*Record extracts*.
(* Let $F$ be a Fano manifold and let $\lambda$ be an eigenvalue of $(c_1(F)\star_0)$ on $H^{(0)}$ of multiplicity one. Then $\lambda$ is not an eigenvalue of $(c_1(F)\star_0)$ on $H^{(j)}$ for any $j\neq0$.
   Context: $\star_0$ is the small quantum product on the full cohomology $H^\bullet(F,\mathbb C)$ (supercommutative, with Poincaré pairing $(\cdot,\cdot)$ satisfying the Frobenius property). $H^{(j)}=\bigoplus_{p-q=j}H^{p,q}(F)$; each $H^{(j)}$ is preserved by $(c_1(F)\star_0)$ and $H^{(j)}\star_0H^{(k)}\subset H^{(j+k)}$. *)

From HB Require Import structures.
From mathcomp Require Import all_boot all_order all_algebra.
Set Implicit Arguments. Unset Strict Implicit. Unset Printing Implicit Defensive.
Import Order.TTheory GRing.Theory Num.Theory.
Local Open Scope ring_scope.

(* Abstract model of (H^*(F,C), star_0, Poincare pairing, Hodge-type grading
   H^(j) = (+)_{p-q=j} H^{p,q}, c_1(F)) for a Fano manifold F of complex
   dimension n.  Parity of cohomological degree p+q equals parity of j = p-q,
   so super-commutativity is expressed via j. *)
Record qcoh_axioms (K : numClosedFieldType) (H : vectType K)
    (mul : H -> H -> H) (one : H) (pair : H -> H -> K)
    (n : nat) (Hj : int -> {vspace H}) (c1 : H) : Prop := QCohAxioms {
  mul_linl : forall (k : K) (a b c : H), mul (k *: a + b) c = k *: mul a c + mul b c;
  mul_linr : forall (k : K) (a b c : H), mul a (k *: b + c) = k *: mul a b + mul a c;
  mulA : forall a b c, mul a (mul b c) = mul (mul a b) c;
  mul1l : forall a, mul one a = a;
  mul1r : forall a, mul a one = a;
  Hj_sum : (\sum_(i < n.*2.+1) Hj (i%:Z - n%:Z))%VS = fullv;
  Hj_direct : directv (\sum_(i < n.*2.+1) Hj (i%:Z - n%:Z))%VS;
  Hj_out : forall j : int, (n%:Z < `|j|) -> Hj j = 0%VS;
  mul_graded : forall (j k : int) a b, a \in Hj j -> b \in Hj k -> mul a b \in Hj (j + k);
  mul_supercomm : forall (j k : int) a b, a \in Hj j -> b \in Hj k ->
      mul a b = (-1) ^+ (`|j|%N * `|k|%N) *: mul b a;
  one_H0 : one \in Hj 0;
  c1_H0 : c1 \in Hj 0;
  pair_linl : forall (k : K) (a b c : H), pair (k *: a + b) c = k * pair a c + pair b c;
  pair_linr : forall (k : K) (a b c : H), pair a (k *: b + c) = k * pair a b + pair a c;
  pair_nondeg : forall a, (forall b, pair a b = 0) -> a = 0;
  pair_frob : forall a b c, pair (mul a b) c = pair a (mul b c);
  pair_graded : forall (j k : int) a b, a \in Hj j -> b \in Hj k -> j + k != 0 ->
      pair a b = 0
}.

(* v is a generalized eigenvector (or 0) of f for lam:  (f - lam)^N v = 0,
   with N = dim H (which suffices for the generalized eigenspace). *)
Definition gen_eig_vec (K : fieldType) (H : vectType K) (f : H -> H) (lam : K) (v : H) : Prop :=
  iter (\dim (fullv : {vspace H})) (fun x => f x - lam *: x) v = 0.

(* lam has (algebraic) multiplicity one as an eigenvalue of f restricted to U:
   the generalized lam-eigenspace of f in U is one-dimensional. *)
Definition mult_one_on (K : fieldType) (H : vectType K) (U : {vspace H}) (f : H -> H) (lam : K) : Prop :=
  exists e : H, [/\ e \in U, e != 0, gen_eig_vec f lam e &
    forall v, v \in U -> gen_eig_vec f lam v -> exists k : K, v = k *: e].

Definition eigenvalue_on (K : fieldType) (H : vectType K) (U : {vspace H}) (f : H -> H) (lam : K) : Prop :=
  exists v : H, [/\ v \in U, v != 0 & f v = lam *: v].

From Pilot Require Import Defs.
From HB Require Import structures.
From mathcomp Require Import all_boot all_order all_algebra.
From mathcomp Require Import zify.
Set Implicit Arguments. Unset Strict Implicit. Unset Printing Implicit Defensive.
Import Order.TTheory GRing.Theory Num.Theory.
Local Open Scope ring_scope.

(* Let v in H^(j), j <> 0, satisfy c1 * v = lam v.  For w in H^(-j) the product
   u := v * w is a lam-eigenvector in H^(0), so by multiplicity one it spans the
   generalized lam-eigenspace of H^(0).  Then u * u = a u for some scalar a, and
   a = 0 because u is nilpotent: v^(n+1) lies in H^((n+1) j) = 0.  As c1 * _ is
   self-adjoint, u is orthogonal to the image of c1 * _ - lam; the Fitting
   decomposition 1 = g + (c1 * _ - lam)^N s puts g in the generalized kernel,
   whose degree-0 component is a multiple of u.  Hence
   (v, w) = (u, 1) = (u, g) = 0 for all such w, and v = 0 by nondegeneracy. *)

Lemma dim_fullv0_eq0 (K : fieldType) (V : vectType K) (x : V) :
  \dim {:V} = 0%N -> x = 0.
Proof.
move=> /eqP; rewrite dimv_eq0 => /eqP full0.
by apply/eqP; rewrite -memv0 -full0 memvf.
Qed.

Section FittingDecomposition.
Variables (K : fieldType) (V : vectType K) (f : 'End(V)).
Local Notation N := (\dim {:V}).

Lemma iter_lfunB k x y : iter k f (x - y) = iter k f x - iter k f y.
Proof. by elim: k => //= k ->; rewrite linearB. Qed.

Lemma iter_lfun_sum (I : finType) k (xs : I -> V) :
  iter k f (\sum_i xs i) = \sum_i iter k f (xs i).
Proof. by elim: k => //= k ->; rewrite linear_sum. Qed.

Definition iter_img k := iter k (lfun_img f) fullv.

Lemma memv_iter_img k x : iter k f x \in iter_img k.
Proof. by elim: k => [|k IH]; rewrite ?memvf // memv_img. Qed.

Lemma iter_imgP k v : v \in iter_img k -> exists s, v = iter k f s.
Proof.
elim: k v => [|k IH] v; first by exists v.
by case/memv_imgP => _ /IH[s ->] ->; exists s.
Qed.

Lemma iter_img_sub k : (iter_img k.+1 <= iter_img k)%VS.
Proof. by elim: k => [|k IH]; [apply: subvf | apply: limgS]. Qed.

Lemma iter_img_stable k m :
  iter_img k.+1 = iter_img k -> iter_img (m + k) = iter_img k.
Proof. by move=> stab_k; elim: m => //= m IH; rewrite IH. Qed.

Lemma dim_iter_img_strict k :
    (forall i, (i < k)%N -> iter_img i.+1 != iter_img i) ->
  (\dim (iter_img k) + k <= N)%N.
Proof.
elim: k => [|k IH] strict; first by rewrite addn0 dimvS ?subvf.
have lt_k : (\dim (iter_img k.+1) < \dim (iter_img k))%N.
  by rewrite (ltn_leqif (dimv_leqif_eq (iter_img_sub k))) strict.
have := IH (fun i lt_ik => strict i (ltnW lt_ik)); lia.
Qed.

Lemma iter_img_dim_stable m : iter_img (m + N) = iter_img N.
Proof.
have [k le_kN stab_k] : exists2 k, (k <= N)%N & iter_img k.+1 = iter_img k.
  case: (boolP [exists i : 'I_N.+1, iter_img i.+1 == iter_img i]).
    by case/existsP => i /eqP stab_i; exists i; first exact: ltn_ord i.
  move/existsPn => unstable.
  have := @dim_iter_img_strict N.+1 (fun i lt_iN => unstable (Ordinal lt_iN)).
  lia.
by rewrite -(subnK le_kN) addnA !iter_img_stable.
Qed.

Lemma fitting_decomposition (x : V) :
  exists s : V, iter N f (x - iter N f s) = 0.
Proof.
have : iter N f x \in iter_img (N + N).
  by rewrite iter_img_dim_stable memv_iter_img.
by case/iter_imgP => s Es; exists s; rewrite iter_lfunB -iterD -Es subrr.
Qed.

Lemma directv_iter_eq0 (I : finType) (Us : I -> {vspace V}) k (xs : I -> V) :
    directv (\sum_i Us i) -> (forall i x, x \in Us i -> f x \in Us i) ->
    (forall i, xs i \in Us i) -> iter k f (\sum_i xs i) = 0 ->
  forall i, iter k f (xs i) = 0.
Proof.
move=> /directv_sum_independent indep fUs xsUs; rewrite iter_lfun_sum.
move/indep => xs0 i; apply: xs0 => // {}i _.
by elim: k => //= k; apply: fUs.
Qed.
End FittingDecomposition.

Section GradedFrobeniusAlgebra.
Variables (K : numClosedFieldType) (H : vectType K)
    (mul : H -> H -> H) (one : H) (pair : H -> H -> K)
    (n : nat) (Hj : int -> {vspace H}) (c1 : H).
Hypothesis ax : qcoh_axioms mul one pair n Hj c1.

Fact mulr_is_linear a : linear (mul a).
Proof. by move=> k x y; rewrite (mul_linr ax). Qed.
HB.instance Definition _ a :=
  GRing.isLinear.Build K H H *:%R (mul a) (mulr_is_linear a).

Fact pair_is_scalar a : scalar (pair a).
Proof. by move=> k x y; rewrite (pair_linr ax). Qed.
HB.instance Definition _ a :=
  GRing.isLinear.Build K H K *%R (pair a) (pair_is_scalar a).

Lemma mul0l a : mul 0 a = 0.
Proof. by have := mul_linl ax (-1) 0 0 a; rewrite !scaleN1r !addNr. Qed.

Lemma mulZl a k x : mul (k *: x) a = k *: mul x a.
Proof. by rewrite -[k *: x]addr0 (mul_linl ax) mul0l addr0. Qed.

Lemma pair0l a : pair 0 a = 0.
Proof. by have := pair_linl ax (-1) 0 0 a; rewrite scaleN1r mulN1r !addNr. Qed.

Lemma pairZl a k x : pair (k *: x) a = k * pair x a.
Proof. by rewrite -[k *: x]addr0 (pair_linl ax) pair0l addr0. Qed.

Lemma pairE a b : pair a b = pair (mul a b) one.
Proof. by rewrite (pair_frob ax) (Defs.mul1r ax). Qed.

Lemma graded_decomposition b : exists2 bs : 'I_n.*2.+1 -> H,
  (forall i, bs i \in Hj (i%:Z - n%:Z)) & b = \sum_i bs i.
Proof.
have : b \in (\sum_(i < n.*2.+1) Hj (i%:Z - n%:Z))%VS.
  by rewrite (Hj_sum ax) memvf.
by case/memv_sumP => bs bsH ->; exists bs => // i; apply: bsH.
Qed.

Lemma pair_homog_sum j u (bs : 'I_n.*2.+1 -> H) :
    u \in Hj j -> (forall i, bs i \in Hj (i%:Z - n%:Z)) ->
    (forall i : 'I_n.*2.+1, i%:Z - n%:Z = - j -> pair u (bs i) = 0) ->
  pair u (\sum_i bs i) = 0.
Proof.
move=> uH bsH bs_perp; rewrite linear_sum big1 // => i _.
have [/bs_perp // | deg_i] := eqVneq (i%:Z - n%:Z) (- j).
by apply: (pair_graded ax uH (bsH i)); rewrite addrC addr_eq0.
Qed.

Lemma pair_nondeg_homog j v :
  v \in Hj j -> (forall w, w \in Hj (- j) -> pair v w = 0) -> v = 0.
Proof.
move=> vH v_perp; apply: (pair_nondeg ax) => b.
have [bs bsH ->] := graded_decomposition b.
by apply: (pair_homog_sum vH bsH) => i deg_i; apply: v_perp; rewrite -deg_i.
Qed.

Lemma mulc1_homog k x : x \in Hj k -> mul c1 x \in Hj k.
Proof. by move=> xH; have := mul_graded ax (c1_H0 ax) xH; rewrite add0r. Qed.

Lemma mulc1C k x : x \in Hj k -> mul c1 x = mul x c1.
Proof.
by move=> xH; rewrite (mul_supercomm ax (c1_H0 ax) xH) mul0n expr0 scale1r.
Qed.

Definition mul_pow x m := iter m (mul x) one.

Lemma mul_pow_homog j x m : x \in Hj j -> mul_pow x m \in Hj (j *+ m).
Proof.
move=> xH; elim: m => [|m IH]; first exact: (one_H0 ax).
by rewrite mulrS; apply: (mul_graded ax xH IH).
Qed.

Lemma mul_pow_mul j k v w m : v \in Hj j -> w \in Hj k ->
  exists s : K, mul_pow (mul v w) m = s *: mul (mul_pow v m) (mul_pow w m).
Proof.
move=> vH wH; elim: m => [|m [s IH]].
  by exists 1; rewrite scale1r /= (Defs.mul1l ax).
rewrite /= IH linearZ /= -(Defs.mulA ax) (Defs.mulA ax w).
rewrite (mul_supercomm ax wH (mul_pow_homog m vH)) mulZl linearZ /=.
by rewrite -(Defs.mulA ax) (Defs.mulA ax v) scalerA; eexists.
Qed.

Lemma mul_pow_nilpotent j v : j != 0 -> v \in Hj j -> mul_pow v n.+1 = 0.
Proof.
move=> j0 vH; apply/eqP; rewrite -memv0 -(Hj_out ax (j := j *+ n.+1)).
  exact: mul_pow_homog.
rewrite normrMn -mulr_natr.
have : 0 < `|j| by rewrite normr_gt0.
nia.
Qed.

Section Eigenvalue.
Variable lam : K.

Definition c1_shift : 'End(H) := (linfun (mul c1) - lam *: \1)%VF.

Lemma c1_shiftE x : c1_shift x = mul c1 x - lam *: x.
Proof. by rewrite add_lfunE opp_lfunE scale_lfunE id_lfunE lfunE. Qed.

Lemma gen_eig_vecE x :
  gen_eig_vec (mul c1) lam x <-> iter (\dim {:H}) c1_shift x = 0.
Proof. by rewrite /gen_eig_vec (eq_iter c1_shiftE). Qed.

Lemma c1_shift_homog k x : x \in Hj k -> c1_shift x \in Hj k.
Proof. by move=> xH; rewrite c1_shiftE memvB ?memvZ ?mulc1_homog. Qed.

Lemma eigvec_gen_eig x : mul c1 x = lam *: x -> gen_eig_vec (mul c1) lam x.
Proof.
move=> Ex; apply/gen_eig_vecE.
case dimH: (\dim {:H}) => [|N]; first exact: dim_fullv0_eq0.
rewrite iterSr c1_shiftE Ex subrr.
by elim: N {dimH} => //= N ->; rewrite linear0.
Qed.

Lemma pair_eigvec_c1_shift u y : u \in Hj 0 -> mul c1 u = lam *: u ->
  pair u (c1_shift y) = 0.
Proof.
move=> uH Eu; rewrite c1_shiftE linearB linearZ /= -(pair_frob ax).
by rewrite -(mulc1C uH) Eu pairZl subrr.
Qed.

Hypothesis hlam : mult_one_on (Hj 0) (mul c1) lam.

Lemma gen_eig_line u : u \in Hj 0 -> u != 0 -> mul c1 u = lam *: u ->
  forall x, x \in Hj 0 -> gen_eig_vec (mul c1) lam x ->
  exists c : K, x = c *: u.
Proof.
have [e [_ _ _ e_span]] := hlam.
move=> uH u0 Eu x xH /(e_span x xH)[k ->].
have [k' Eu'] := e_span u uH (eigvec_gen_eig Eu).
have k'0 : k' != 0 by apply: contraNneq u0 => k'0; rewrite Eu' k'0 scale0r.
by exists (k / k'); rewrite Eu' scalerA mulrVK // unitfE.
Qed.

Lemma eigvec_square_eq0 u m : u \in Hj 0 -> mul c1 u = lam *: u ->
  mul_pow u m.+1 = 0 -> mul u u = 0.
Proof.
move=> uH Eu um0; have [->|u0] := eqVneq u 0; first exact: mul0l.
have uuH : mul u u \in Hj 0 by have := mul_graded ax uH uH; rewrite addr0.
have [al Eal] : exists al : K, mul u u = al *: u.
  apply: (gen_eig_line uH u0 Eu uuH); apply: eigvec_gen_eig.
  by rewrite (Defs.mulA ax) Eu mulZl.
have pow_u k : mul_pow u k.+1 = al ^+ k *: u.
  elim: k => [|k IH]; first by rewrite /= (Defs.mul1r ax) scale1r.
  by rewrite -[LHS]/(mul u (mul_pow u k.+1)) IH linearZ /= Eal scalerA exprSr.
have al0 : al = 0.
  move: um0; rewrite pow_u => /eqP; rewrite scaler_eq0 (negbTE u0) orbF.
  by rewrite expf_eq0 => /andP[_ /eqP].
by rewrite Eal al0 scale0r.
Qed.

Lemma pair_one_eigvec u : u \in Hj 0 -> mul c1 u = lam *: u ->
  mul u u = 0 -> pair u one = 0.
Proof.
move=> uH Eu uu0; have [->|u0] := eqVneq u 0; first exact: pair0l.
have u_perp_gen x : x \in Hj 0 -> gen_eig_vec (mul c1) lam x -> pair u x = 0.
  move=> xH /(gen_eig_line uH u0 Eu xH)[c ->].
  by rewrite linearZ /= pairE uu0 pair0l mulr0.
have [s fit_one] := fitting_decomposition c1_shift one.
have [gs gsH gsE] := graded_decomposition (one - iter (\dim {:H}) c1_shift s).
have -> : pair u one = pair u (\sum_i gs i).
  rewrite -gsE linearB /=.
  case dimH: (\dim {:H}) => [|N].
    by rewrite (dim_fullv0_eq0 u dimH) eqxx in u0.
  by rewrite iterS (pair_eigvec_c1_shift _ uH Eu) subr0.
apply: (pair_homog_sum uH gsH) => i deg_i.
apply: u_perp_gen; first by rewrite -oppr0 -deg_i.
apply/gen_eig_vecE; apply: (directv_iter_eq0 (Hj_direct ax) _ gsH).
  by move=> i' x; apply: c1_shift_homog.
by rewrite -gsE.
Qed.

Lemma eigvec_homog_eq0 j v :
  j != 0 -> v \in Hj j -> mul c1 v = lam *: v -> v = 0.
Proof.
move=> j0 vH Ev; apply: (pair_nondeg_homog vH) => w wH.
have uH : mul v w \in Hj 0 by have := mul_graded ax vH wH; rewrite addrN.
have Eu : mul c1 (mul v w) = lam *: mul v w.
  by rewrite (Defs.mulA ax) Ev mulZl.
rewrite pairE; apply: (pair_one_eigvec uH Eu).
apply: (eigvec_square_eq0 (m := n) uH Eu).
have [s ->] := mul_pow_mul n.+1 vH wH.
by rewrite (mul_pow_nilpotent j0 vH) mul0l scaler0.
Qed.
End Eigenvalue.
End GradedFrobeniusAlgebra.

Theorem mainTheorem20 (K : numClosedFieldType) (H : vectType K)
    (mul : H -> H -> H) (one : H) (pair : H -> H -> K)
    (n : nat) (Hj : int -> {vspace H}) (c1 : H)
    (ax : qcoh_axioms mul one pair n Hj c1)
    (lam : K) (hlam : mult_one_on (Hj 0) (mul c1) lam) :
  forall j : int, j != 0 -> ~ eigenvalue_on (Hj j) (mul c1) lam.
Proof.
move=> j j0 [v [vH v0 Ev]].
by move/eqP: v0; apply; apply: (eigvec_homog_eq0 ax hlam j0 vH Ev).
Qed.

*Work order*. Your task is to retype the entries verbatim, starting with the line that holds "Lemma mul_pow_homog j" and stopping after the line that holds "Lemma c1_shift_homog k".

*Result*.
Lemma mul_pow_homog j x m : x \in Hj j -> mul_pow x m \in Hj (j *+ m).
Proof.
move=> xH; elim: m => [|m IH]; first exact: (one_H0 ax).
by rewrite mulrS; apply: (mul_graded ax xH IH).
Qed.

Lemma mul_pow_mul j k v w m : v \in Hj j -> w \in Hj k ->
  exists s : K, mul_pow (mul v w) m = s *: mul (mul_pow v m) (mul_pow w m).
Proof.
move=> vH wH; elim: m => [|m [s IH]].
  by exists 1; rewrite scale1r /= (Defs.mul1l ax).
rewrite /= IH linearZ /= -(Defs.mulA ax) (Defs.mulA ax w).
rewrite (mul_supercomm ax wH (mul_pow_homog m vH)) mulZl linearZ /=.
by rewrite -(Defs.mulA ax) (Defs.mulA ax v) scalerA; eexists.
Qed.

Lemma mul_pow_nilpotent j v : j != 0 -> v \in Hj j -> mul_pow v n.+1 = 0.
Proof.
move=> j0 vH; apply/eqP; rewrite -memv0 -(Hj_out ax (j := j *+ n.+1)).
  exact: mul_pow_homog.
rewrite normrMn -mulr_natr.
have : 0 < `|j| by rewrite normr_gt0.
nia.
Qed.

Section Eigenvalue.
Variable lam : K.

Definition c1_shift : 'End(H) := (linfun (mul c1) - lam *: \1)%VF.

Lemma c1_shiftE x : c1_shift x = mul c1 x - lam *: x.
Proof. by rewrite add_lfunE opp_lfunE scale_lfunE id_lfunE lfunE. Qed.

Lemma gen_eig_vecE x :
  gen_eig_vec (mul c1) lam x <-> iter (\dim {:H}) c1_shift x = 0.
Proof. by rewrite /gen_eig_vec (eq_iter c1_shiftE). Qed.

Lemma c1_shift_homog k x : x \in Hj k -> c1_shift x \in Hj k.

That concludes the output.